【幕間話-4】 寿は、元婚約者の栄達の裏側で……
天文23年(1554年)12月下旬 遠江国引間 寿
松下家の源左衛門様との婚約が破談になって、もうすぐ3か月になろうとしている。その間、父上はわたしの新しい嫁ぎ先を探しているが……どうやらあまり、上手く行っていないようだ。
「まあ、そなたはまだ16。そう焦る必要はあるまい」
父上は今日もわたしにそう言われて励まされたが……わたしは知っているのだ。1年の間に2度も婚約が破談となったため、足下を見られている事を。侍女の千代が教えてくれたが、此間などはお城に出入りしている商人の後添えではどうかなどとも……。
だったらと、わたしは密かに思うのだ。そのような屈辱を受ける位ならば、初恋の相手である嘉兵衛様の下へと参り、例え浪人暮らしで大変であろうと添い遂げさせてもらえないかと。
「千代……お願いがあるのだけど」
そして、思い立ったら吉日だ。まずは嘉兵衛様が今、どこで何をしているのかを調べなければならないと考えて、わたしは千代にその役目を頼んだ。
「お、お待ちを!そのような事をして、殿の耳に入るようなことがあれば……」
「言う事を訊いてくれないのなら、わたしはこの場で髪を下ろすわよ?そうなったら、あなたは……」
本当はそのような事はしたくないけど、その場合は間違いなく、千代は責任を取らされることになるはずだ。涙目になっているが、きっと幼い弟たちの行く末を考えているに違いない。
「……わかりました。どこまでできるかはわかりませんが、調べるだけ調べてみます……」
「お願いするわ」
情報収集を千代に任せたわたしは、いつでも出立できるように荷物の整理に取り掛かった。何しろ、城を追放された嘉兵衛様はおそらく浪人の身の上だ。共に生きていくにはきっとお金が必要だろうと、金目の物を中心に集めていく。
しかし、ほどなくして大きな足音がこちらに近づいてくることを知り、作業を中断した。現れたのは……千代を引き連れた父上だった。
「寿!千代から話を聞いたが、おまえ、嘉兵衛殿の下に行きたいと言ったそうだな!!」
おのれ、この裏切り者……と千代を睨んだが、それをここで言い出しても仕方がない事はわたしも理解している。だから、「そうです」と正直に答えた。

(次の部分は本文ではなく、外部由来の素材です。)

Lemma nu_xz_dyadic (G : Pxy) : G != 0 ->
  0 <= nu_xz nu G /\ exists k, dyadic k (nu_xz nu G).
Proof.
move=> /xz_num_neq0 W0; rewrite /nu_xz nu_varx mulr1; split.
  by rewrite subr_ge0; apply: (@nu_shifted_sum_ge _ _ (fun j => (G`_j)%:P)).
exact: nu_sub_nat_dyadic.
Qed.

(* A unit H of B has value 0: in x^N H(x, y/x) the term H_0 x^N has value N
   while every term involving y has strictly larger value. *)
Lemma nu_xz_unit (H : Pxy) : at0 H != 0 -> nu_xz nu H = 0.
Proof.
move=> H1; rewrite /nu_xz nu_varx mulr1 /xz_num.
case E : (size H) => [|N]; first by move: (at0_neq0 H1); rewrite -size_poly_gt0 E.
rewrite big_ord_recl subn0 expr0 mulr1.
set t0 := (H`_0)%:P * _; set R := \sum_(i < N) _.
have c0 : at0 (H`_0)%:P != 0 by rewrite /at0 hornerC -horner_coef0.
have t0_0 : t0 != 0 by rewrite mulf_neq0 ?expf_neq0 ?varx_neq0 ?at0_neq0.
have t0_val : nu t0 = N.+1%:R.
  by rewrite nuM ?expf_neq0 ?varx_neq0 ?at0_neq0 // nu_unit // nuX ?varx_neq0 // nu_varx mulr1 add0r.
have R_larger : R = 0 \/ (R != 0 /\ nu t0 < nu R).
  have [->|R0] := eqVneq R 0; [by left | right; split => //].
  rewrite t0_val; apply: (@lt_le_trans _ _ (N.+1%:R + (beta 1 - 1))).
    by rewrite ltrDl subr_gt0 beta1_gt1.
  apply: nu_sum_ge => // j _ tj; apply: le_trans (nu_term_ge _ tj); last first.
    exact: ltnW (ltn_ord _).
  by rewrite lerD2l ler_peMl ?ler1n // subr_ge0 (ltW beta1_gt1).
by have [_ ->] := nu_add_larger t0_0 R_larger; rewrite t0_val subrr.
Qed.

すると、そんなわたしを前に父上は大きなため息を吐かれて、まずは座られた。そして、つられて座ったわたしに告げたのだ。今更駆け付けたところでもう手遅れだと。
「父上……手遅れとは?」
もしや、すでにこの世の方ではないというのかしら?あり得ない話ではない。浪人となったからには収入はないし、どこかの国で餓死していても……不思議ではないのだ。

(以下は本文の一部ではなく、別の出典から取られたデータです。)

(* Consider a uniform grid model. (i) For every $\theta\in(0,\pi/2)\cup(\pi/2,\pi)$ there exist $k\in\mathbb{N}$ and $c>0$ (possibly depending on the model and $\theta$) such that $\mathsf{LEI}_k(\theta,c)\neq\varnothing$. (ii) If the model is not vertically degenerate, the same holds for $\theta=\pi/2$. (iii) If the model is not horizontally degenerate, the same holds for $\theta=0$.
   Context: Fix an integer $L\ge2$; $\mathcal{D}_n$ is the set of closed squares obtained by dividing $[0,1]^2$ into an $L^n\times L^n$ grid. A grid model is a probability distribution $\mathfrak X$ on finite sets of distinct squares of $\mathcal{D}_1$ (random bounded number $\mathbf L$, $\mathbb{E}[\mathbf L]=L$). Random sets: $\mathcal{S}_0=\{[0,1]^2\}$; given $\mathcal{S}_n$, for each $R\in\mathcal{S}_n$ independently sample from $\mathfrak X$ and map the chosen squares into $R$ via the natural homothety; $\mathcal{S}_{n+1}$ is the resulting collection, $S_n=\bigcup\mathcal{S}_n$. Uniform: $\mathbb{P}[Q\in\mathcal{S}_1]=1/L$ for each $Q\in\mathcal{D}_1$. Vertically degenerate: a.s. $\mathcal{S}_1$ contains exactly one square in each column; horizontally degenerate: a.s. exactly one square in each row. Let $\Lambda=[L]^2$; for $\boldsymbol\lambda=((i_1,j_1),\dots,(i_n,j_n))\in\Lambda^n$, $Q(\boldsymbol\lambda)$ is the square of $\mathcal{D}_n$ with top-right corner $\sum_{m=1}^n(i_m,j_m)L^{-m}$. $\operatorname{proj}_\theta(x)=\langle x,(-\sin\theta,\cos\theta)\rangle$, $\ell(\theta,t)=\operatorname{proj}_\theta^{-1}(t)$ (the line with direction $(\cos\theta,\sin\theta)$ through $t(-\sin\theta,\cos\theta)$); $|\cdot|$ is one-dimensional Lebesgue measure. For $\alpha\in\Lambda$, $\mathsf{LEI}_k(\theta,\alpha,c)$ is the set of $\boldsymbol\eta\in\{\alpha\}\times\Lambda^{k-1}$ such that for every $t$ with $\ell(\theta,t)\cap Q(\boldsymbol\eta)\neq\varnothing$, $\mathbb{E}\bigl[|\ell(\theta,t)\cap S_1\cap Q(\alpha)^c|\bigm| Q(\alpha)\in\mathcal{S}_1\bigr]\ge c/L$; $\mathsf{LEI}_k(\theta,c)=\bigcup_{\alpha\in\Lambda}\mathsf{LEI}_k(\theta,\alpha,c)$. *)

From HB Require Import structures.
From mathcomp Require Import all_boot all_order all_algebra.
From mathcomp Require Import all_classical all_reals all_analysis.
Set Implicit Arguments. Unset Strict Implicit. Unset Printing Implicit Defensive.
Import Order.TTheory GRing.Theory Num.Theory.
Local Open Scope classical_set_scope.
Local Open Scope ring_scope.

Section GridDefs.
Variables (R : realType) (L : nat).

(* Lambda = [L]^2, digits taken 0-based: (i,j) with 0 <= i,j < L;
   i = column (x) index, j = row (y) index. *)
Definition Lam := ('I_L * 'I_L)%type.

(* x- and y-coordinates of the bottom-left corner of Q(lambda) *)
Fixpoint xcorner (s : seq Lam) : R :=
  match s with [::] => 0 | d :: s' => ((nat_of_ord d.1)%:R + xcorner s') / L%:R end.
Fixpoint ycorner (s : seq Lam) : R :=
  match s with [::] => 0 | d :: s' => ((nat_of_ord d.2)%:R + ycorner s') / L%:R end.

(* Q(lambda): the closed square of D_n (n = size lambda), nested in Q(lambda_1..lambda_{n-1}) *)
Definition Qsq (s : seq Lam) : set (R * R) :=
  [set x | xcorner s <= x.1 <= xcorner s + L%:R ^- size s /\
           ycorner s <= x.2 <= ycorner s + L%:R ^- size s].

Definition S1 (A : {set Lam}) : set (R * R) :=
  [set x | exists b : Lam, b \in A /\ Qsq [:: b] x].

Definition proj (th : R) (x : R * R) : R := - x.1 * sin th + x.2 * cos th.
Definition ell (th t : R) : set (R * R) := [set x | proj th x = t].

(* arc-length parametrisation of ell(theta,t) *)
Definition lpar (th t s : R) : R * R :=
  (- t * sin th + s * cos th, t * cos th + s * sin th).

Definition line_len (th t : R) (X : set (R * R)) : \bar R :=
  lebesgue_measure [set s : R | X (lpar th t s)].

Definition grid_model (p : {set Lam} -> R) : Prop :=
  (forall A, 0 <= p A) /\ \sum_(A : {set Lam}) p A = 1 /\
  \sum_(A : {set Lam}) p A * #|A|%:R = L%:R.

Definition prob_in (p : {set Lam} -> R) (a : Lam) : R :=
  \sum_(A : {set Lam} | a \in A) p A.

Definition uniform (p : {set Lam} -> R) : Prop :=
  forall a : Lam, prob_in p a = L%:R^-1.

Definition vert_degenerate (p : {set Lam} -> R) : Prop :=
  forall A, 0 < p A -> forall i : 'I_L, #|[set j : 'I_L | (i, j) \in A]| = 1%N.

Definition horiz_degenerate (p : {set Lam} -> R) : Prop :=
  forall A, 0 < p A -> forall j : 'I_L, #|[set i : 'I_L | (i, j) \in A]| = 1%N.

しかし、父上はわたしの思惑とは真逆の答えを告げてきた。それは、この引間の北にある井伊谷を治める井伊家に仕えた嘉兵衛様は、今では殿様の一人娘と婚約したのだと。
「うそ……でしょう?」
「真の話だ。3か月前、若殿様の婚儀で澄酒が振舞われたと言ったであろう?あれは瀬戸屋という商人から購入した物だったが……どうやら、作り出したのは嘉兵衛殿だったようでな……」
その上で父上は話を続けられた。その売り上げで井伊家の財政を立て直した功績が認められて、勘定奉行となった嘉兵衛様に井伊のお殿様は娘を嫁がせることにしたようだと。
「そ、それじゃあ……わたしはどうしたら……」
「焦るな、お寿。来年こそ必ず、良き縁談を見つけて来るゆえ、もうしばらく待て」
良き縁談って……本当に見つけて来られるのだろうか?
「父上……それは、せめて我が家と同格以上の武家の正室ですよね?」
「そ、それは……」
あ……目を逸らした。ならば、やはり期待はできそうにない。
「父上、それならば……」
わたしは提案した。それならば、やはり嘉兵衛様の下に行かせてもらいたいと。
「しかし、あちらは井伊家の姫君を娶られると……」
「何も正室でとは申しません!勘定奉行として成功なされているのでしょう?だったら、側室ならば……と思いませんか?」
太った商人の後添えになるくらいなら、その方が全然マシだ。それに、お姫様との間に跡取り息子ができるとは限らぬわけだし……まだまだ一発逆転の目は残っているとわたしは思うのだ!